# [PROBLEM TO WORK ON]
Take each line of the data that contains the string "mapP" and copy it.

Stored items from a collection
(* Assume, in the setting described in the context, the saturation assumption: there is a fixed $b_0\in(0,1)$ and a number $b_h<b_0$ such that $$|J(u)-J(u_h^{(2)})| < b_h\,|J(u)-J(\tilde u)|.$$ Then the computable error estimator $\eta^{(2)}$ satisfies $$\underline{c}_h|\eta^{(2)}| \le |J(u)-J(\tilde u)| \le \overline{c}_h|\eta^{(2)}| \quad\text{and}\quad \underline{c}|\eta^{(2)}| \le |J(u)-J(\tilde u)| \le \overline{c}|\eta^{(2)}|,$$ with the positive constants $\underline{c}_h:=1/(1+b_h)$, $\overline{c}_h:=1/(1-b_h)$, $\underline{c}:=1/(1+b_0)$, $\overline{c}:=1/(1-b_0)$.
   Context: Let $U$ and $V$ be real Banach spaces with dual $V^*$. Let $\mathcal{A}:U\to V^*$ be a (nonlinear) operator that is three times continuously Fréchet differentiable, and let $J:U\to\mathbb{R}$ be three times continuously Fréchet differentiable. Notation: $\mathcal{A}(w)(v)$ is the value of $\mathcal{A}(w)\in V^*$ at $v\in V$. For fixed $v$, $\mathcal{A}'(w)(\varphi,v)$, $\mathcal{A}''(w)(\varphi,\psi,v)$ and $\mathcal{A}'''(w)(\varphi,\psi,\chi,v)$ denote the first, second and third Fréchet derivatives of $w\mapsto\mathcal{A}(w)(v)$ at $w$ in the directions $\varphi,\psi,\chi\in U$. Analogously, $J'(w)(\varphi)$ and $J'''(w)(\varphi,\psi,\chi)$ denote derivatives of $J$. Let $u\in U$ satisfy $\mathcal{A}(u)(v)=0$ for all $v\in V$, and let $z\in V$ satisfy $\mathcal{A}'(u)(\varphi,z)=J'(u)(\varphi)$ for all $\varphi\in U$. Let $U_h^{(2)}\subset U$ and $V_h^{(2)}\subset V$ be finite-dimensional subspaces (enriched spaces). Let $u_h^{(2)}\in U_h^{(2)}$ satisfy $\mathcal{A}(u_h^{(2)})(v)=0$ for all $v\in V_h^{(2)}$. Let $z_h^{(2)}\in V_h^{(2)}$ satisfy $\mathcal{A}'(u_h^{(2)})(\varphi,z_h^{(2)})=J'(u_h^{(2)})(\varphi)$ for all $\varphi\in U_h^{(2)}$. Let $\tilde u\in U_h^{(2)}$ and $\tilde z\in V_h^{(2)}$ be arbitrary fixed elements. Define $\rho(\tilde u)(v):=-\mathcal{A}(\tilde u)(v)$ and $\rho^*(\tilde u,\tilde z)(\varphi):=J'(\tilde u)(\varphi)-\mathcal{A}'(\tilde u)(\varphi,\tilde z)$. With $e^{(2)}:=u_h^{(2)}-\tilde u$ and $e^{(2),*}:=z_h^{(2)}-\tilde z$, define $$\mathcal{R}^{(3)(2)}:=\frac12\int_0^1\Big[J'''(\tilde u+se^{(2)})(e^{(2)},e^{(2)},e^{(2)})-\mathcal{A}'''(\tilde u+se^{(2)})(e^{(2)},e^{(2)},e^{(2)},\tilde z+se^{(2),*})-3\mathcal{A}''(\tilde u+se^{(2)})(e^{(2)},e^{(2)},e^{(2),*})\Big]s(s-1)\,ds,$$ and the computable error estimator $$\eta^{(2)}:=\tfrac12\rho(\tilde u)(z_h^{(2)}-\tilde z)+\tfrac12\rho^*(\tilde u,\tilde z)(u_h^{(2)}-\tilde u)+\rho(\tilde u)(\tilde z)+\mathcal{R}^{(3)(2)}.$$ *)

From HB Require Import structures.
From mathcomp Require Import all_boot all_order all_algebra.
From mathcomp Require Import all_classical all_reals all_analysis.
Set Implicit Arguments. Unset Strict Implicit. Unset Printing Implicit Defensive.
Import Order.TTheory GRing.Theory Num.Theory.
Import numFieldNormedType.Exports.
Local Open Scope classical_set_scope.
Local Open Scope ring_scope.
(* Consider the problem $1|p\text{-}batch,v_i,incompatible|\sum w_iC_i$ defined as follows. Let $N=\{1,\ldots,n\}$ be a set of jobs partitioned into families $N_1,\ldots,N_m$ (pairwise disjoint, union $N$). Each job $i$ has a weight $w_i\ge 0$, a size $v_i$ with $0\le v_i\le V$, and processing time $p_i=q_j>0$ for all $i\in N_j$. A single machine of capacity $V$ processes batches: a batch is a set of jobs from a single family whose total size is at most $V$; a batch of family $j$ occupies the machine for $q_j$ time units without interruption, the machine processes at most one batch at a time, every job belongs to exactly one batch, and each job's completion time $C_i$ equals the completion time of its batch. The objective is to minimize $\sum_{i\in N} w_iC_i$. For each family $j$, order the jobs of $N_j$ in non-increasing order of size and load them greedily in that order until the remaining capacity is insufficient for the next job; let $N_j^b$ be the number of jobs so loaded, and let $B_j=\lceil |N_j|/N_j^b\rceil$. Then there exists an optimal solution in which, for every family $j$, the number of batches containing jobs of family $j$ is at most $B_j$.
   Context: Any $N_j^b$ jobs of $N_j$ together have total size at most $V$ (since the $N_j^b$ largest jobs of $N_j$ fit). The weights $w_i$ are assumed nonnegative (in the paper they are drawn from positive integers). *)

From mathcomp Require Import all_boot all_order all_algebra.
Set Implicit Arguments. Unset Strict Implicit. Unset Printing Implicit Defensive.
Import Order.TTheory GRing.Theory Num.Theory.
Local Open Scope ring_scope.

(* Jobs are 'I_n, families are 'I_m, [fam i] is the family of job i
   (so N_j = [set i | fam i == j] partition the jobs).
   w : weights, v : sizes, V : capacity, q : processing time of each family. *)

Definition family_jobs (n m : nat) (fam : 'I_n -> 'I_m) (j : 'I_m) : {set 'I_n} :=
  [set i | fam i == j].

Fixpoint greedy_count (R : numDomainType) (cap : R) (s : seq R) : nat :=
  if s is x :: s' then
    (if x <= cap then (greedy_count (cap - x) s').+1 else 0%N)
  else 0%N.

Definition sorted_sizes (R : numDomainType) (n m : nat) (fam : 'I_n -> 'I_m)
    (v : 'I_n -> R) (j : 'I_m) : seq R :=
  sort (fun x y : R => y <= x) [seq v i | i <- enum (family_jobs fam j)].

Definition Nb (R : numDomainType) (n m : nat) (fam : 'I_n -> 'I_m)
    (v : 'I_n -> R) (V : R) (j : 'I_m) : nat :=
  greedy_count V (sorted_sizes fam v j).

Definition ceil_div (a b : nat) : nat := ((a + b.-1) %/ b)%N.

Definition Bbound (R : numDomainType) (n m : nat) (fam : 'I_n -> 'I_m)
    (v : 'I_n -> R) (V : R) (j : 'I_m) : nat :=
  ceil_div #|family_jobs fam j| (Nb fam v V j).
Lemma border_strip_strip_data l g s : is_partition l -> border_strip_rem l g s ->
  exists p q y, [/\ strip_data l p q y, s = strip_rem l p q y & g = strip l p q y].
Proof.
move=> pl bs; have [p [q rows]] := border_strip_rows pl bs.
case: bs => ps _ -> _; have [/andP[p1 pq] inn step out] := rows.
have pb x : (part s x)%:Z = beta s x + x%:Z := part_beta s x.
have lb x : (part l x)%:Z = beta l x + x%:Z := part_beta l x.
have sd : strip_data l p q (beta s q).
  split=> //; last by have := inn q; have := pb q; have := lb q; rewrite pq; lia.
  have := out q.+1 isT; rewrite ltnSn orbT => /(_ isT).
  by have := beta_ltn ps (ltnSn q); have := pb q.+1; have := lb q.+1; lia.
suff -> : s = strip_rem l p q (beta s q) by exists p, q, (beta s q).
apply: beta_ext ps (strip_rem_partition pl sd) _ => j j1; rewrite beta_strip_rem //.
have [jq|qj|->] := ltngtP j q; last by rewrite (strip_beta_q sd).
  rewrite strip_beta_ltq //; case: ltnP => jp.
    by have := out j j1; rewrite jp => /(_ isT); have := pb j; have := lb j; lia.
  by have := step j; rewrite jp jq => /(_ isT); have := pb j; have := lb j.+1; lia.
rewrite (strip_beta_gt sd) //; have := out j j1; rewrite qj orbT => /(_ isT).
by have := pb j; have := lb j; lia.
Qed.

Definition beta_seq (l : seq nat) (N : nat) : seq int := [seq beta l j | j <- iota 1 N].

Lemma mem_beta_seq l N z : (size l <= N)%N ->
  (z \in beta_seq l N) <-> in_beta l z /\ - N%:Z <= z.
Proof.
move=> hN; split=> [/mapP[j] |[[j j1 <-] hz]].
  by rewrite mem_iota => /andP[j1 jN] ->; split; [exists j | rewrite /beta]; lia.
apply/mapP; exists j => //; rewrite mem_iota j1 /=.
by case: (leqP j N) => jN; last rewrite beta_default in hz; lia.
Qed.

Lemma uniq_beta_seq l N : is_partition l -> uniq (beta_seq l N).
Proof. by move=> pl; rewrite map_inj_uniq ?iota_uniq //; exact: beta_inj. Qed.

Lemma beta_diff_ge l m N z : (size l <= N)%N -> (size m <= N)%N ->
  in_beta l z -> ~ in_beta m z -> - N%:Z <= z.
Proof.
move=> hl hm [j j1 <-] nm; case: (leqP j N) => jN; first by rewrite /beta; lia.
by case: nm; exists j => //; rewrite !beta_default //; lia.
Qed.

Lemma sum_beta_seq l N : (size l <= N)%N ->
  \sum_(z <- beta_seq l N) z = (psize l)%:Z - \sum_(j <- iota 1 N) j%:Z.
Proof.
move=> hN; rewrite big_map /beta sumrB; congr (_ - _).
rewrite -(big_morph Posz PoszD (erefl 0%:Z)) /psize; congr Posz.
elim: l N hN => [N _|x l IH [|N] //= hN].
  by rewrite big1 // => j; rewrite /part nth_nil.
rewrite big_cons -(IH N) // -(addn1 1) iotaDl big_map; congr (_ + _)%N.
by apply: eq_big_seq => -[|j]; rewrite mem_iota // /part add1n.
Qed.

# [OUTPUT OF THE EXERCISE]
move=> hN; split=> [/mapP[j] |[[j j1 <-] hz]].
apply/mapP; exists j => //; rewrite mem_iota j1 /=.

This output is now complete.